Your instructions => Output only the lines below from the one containing "[/\ A' \subset" to the one containing "exists A'; split", exactly as written, both ends kept.

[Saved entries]
----
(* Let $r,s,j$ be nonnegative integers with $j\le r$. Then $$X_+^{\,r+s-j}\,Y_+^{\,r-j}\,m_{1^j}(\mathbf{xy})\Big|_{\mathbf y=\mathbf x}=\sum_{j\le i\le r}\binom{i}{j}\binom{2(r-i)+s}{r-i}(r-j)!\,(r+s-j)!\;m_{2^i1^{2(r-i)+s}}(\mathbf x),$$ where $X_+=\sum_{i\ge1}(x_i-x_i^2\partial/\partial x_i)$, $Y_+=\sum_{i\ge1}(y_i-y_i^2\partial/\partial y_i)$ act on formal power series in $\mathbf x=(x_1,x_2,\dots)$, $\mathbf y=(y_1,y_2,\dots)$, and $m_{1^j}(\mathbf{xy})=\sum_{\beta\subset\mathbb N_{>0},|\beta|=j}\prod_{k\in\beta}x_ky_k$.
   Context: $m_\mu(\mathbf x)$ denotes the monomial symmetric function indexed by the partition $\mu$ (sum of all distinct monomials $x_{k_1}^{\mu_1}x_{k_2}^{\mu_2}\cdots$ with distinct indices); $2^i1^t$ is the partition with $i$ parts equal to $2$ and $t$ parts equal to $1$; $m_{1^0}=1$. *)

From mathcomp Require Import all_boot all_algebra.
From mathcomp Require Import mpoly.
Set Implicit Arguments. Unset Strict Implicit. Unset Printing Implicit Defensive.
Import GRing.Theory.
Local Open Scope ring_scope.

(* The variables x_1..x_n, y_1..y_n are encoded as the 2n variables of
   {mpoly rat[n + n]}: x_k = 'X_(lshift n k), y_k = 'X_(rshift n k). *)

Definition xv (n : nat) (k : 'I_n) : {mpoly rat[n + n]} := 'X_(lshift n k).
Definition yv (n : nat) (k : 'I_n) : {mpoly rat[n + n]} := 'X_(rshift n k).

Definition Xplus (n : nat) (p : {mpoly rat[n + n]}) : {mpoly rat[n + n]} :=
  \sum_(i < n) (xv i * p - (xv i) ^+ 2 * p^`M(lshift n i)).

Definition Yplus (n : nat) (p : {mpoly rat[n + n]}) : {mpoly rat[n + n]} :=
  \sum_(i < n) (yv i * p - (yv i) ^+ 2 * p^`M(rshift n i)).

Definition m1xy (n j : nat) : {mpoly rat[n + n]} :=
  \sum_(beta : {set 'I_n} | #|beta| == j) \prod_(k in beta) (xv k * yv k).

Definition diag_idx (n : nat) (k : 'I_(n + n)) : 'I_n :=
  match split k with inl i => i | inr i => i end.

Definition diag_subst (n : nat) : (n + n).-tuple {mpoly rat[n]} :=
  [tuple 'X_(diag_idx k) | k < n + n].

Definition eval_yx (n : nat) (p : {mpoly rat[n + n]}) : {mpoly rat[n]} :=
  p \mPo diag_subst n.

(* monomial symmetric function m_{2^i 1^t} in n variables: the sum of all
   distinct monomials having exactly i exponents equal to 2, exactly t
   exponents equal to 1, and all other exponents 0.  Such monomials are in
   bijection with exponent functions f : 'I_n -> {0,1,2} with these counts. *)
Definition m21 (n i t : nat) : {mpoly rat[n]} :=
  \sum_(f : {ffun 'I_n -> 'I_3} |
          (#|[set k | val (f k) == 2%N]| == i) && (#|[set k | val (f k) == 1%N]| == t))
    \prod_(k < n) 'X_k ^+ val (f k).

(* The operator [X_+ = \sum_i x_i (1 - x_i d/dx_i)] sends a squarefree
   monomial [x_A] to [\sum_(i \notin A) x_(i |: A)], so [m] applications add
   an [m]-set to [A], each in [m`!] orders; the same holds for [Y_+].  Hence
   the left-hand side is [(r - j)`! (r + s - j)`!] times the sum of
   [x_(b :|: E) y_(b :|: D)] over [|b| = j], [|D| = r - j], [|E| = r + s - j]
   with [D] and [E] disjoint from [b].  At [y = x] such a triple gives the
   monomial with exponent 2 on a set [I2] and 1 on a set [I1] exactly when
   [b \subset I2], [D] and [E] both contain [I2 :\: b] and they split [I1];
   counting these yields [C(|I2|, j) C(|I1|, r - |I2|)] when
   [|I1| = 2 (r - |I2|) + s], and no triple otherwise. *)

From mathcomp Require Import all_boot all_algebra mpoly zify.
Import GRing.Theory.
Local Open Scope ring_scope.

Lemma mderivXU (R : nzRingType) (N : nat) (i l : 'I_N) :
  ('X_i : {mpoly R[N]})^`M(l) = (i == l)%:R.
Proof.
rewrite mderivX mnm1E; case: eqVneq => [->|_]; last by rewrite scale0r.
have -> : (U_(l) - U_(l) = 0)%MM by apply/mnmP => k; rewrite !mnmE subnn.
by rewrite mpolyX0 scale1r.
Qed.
----
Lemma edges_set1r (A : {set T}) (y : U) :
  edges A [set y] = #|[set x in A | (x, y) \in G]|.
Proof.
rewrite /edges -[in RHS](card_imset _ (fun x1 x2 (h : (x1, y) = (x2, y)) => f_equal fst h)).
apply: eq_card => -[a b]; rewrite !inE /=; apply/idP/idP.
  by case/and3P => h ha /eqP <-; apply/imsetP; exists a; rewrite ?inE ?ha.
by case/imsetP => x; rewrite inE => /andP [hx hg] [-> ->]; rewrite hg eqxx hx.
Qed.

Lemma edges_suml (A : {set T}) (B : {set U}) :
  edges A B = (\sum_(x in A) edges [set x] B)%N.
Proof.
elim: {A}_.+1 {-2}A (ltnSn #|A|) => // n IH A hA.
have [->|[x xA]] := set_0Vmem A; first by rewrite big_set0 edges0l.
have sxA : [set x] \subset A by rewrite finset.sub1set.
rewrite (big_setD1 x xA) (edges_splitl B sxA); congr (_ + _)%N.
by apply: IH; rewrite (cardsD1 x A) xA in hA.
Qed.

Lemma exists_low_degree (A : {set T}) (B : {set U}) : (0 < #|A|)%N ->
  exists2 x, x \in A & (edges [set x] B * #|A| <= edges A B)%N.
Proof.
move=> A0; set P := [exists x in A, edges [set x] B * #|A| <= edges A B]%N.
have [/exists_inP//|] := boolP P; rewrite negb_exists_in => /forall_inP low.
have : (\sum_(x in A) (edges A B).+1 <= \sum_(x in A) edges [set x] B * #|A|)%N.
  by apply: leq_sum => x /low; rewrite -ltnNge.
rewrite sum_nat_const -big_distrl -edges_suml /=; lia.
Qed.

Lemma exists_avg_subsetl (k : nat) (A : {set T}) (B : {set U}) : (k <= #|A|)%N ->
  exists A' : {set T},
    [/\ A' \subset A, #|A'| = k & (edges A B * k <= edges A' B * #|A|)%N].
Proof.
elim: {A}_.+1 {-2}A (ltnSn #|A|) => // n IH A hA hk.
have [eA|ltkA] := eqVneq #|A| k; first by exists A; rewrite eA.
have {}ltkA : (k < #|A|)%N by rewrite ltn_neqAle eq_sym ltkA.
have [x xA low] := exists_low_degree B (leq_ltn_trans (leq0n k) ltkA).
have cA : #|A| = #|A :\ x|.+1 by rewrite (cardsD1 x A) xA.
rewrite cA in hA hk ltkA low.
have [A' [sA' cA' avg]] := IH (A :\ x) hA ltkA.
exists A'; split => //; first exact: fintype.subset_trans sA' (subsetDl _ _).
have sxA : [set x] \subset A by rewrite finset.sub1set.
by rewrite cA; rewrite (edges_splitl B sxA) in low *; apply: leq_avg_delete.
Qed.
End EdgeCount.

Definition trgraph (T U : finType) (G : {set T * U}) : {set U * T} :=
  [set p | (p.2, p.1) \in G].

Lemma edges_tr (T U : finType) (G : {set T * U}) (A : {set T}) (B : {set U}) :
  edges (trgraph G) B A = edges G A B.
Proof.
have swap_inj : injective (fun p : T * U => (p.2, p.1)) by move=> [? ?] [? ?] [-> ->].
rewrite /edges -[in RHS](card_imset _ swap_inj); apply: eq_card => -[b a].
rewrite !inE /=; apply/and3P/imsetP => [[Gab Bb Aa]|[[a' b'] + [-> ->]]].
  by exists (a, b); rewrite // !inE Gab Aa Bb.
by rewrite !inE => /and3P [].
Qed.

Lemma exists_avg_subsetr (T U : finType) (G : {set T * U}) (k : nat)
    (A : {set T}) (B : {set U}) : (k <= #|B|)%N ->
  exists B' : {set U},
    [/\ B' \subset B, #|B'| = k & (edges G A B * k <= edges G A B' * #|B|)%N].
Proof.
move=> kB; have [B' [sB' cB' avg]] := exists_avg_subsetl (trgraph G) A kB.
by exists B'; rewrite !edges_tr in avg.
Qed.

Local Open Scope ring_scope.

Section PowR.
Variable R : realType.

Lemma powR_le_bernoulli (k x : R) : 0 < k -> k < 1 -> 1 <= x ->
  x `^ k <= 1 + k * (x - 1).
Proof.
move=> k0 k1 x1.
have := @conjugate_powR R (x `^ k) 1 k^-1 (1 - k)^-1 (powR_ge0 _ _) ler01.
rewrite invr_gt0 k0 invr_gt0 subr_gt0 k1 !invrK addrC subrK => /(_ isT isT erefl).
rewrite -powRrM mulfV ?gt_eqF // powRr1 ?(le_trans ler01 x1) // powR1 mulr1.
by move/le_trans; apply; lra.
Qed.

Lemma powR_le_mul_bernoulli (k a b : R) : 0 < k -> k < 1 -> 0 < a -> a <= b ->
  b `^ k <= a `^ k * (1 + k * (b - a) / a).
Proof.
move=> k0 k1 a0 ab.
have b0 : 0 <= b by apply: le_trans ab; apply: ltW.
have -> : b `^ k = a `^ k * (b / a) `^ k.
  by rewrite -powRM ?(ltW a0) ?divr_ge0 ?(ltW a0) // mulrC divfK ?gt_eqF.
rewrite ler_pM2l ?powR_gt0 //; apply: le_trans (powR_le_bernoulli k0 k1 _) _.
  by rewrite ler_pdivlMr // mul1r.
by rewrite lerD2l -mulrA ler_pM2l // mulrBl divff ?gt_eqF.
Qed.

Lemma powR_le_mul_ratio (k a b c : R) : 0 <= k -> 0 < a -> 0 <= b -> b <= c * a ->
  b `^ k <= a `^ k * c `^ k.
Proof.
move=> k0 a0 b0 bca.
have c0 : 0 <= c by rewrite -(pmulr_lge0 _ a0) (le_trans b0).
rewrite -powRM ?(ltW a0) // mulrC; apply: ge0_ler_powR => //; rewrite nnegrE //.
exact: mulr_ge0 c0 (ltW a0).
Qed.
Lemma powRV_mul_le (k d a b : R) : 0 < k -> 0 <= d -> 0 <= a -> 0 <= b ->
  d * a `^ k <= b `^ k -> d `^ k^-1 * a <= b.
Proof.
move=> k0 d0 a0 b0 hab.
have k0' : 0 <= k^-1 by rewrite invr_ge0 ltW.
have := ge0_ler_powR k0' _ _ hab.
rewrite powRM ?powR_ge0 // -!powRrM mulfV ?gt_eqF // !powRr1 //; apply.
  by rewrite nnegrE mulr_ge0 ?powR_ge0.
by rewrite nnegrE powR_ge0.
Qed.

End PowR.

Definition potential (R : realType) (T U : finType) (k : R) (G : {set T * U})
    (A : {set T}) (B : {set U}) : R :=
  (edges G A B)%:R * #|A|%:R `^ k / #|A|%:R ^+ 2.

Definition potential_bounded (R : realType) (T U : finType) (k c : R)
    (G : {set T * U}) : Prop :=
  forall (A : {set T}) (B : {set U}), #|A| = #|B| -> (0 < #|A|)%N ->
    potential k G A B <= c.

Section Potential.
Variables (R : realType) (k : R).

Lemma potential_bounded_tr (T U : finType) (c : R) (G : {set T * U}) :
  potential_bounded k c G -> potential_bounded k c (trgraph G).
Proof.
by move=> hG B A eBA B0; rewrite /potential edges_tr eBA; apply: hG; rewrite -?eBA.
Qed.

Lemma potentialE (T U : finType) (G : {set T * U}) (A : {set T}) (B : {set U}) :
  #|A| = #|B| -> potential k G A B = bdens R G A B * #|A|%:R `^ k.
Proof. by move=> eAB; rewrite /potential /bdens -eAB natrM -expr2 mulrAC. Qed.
----
Answer =>
    [/\ A' \subset A, #|A'| = k & (edges A B * k <= edges A' B * #|A|)%N].
Proof.
elim: {A}_.+1 {-2}A (ltnSn #|A|) => // n IH A hA hk.
have [eA|ltkA] := eqVneq #|A| k; first by exists A; rewrite eA.
have {}ltkA : (k < #|A|)%N by rewrite ltn_neqAle eq_sym ltkA.
have [x xA low] := exists_low_degree B (leq_ltn_trans (leq0n k) ltkA).
have cA : #|A| = #|A :\ x|.+1 by rewrite (cardsD1 x A) xA.
rewrite cA in hA hk ltkA low.
have [A' [sA' cA' avg]] := IH (A :\ x) hA ltkA.
exists A'; split => //; first exact: fintype.subset_trans sA' (subsetDl _ _).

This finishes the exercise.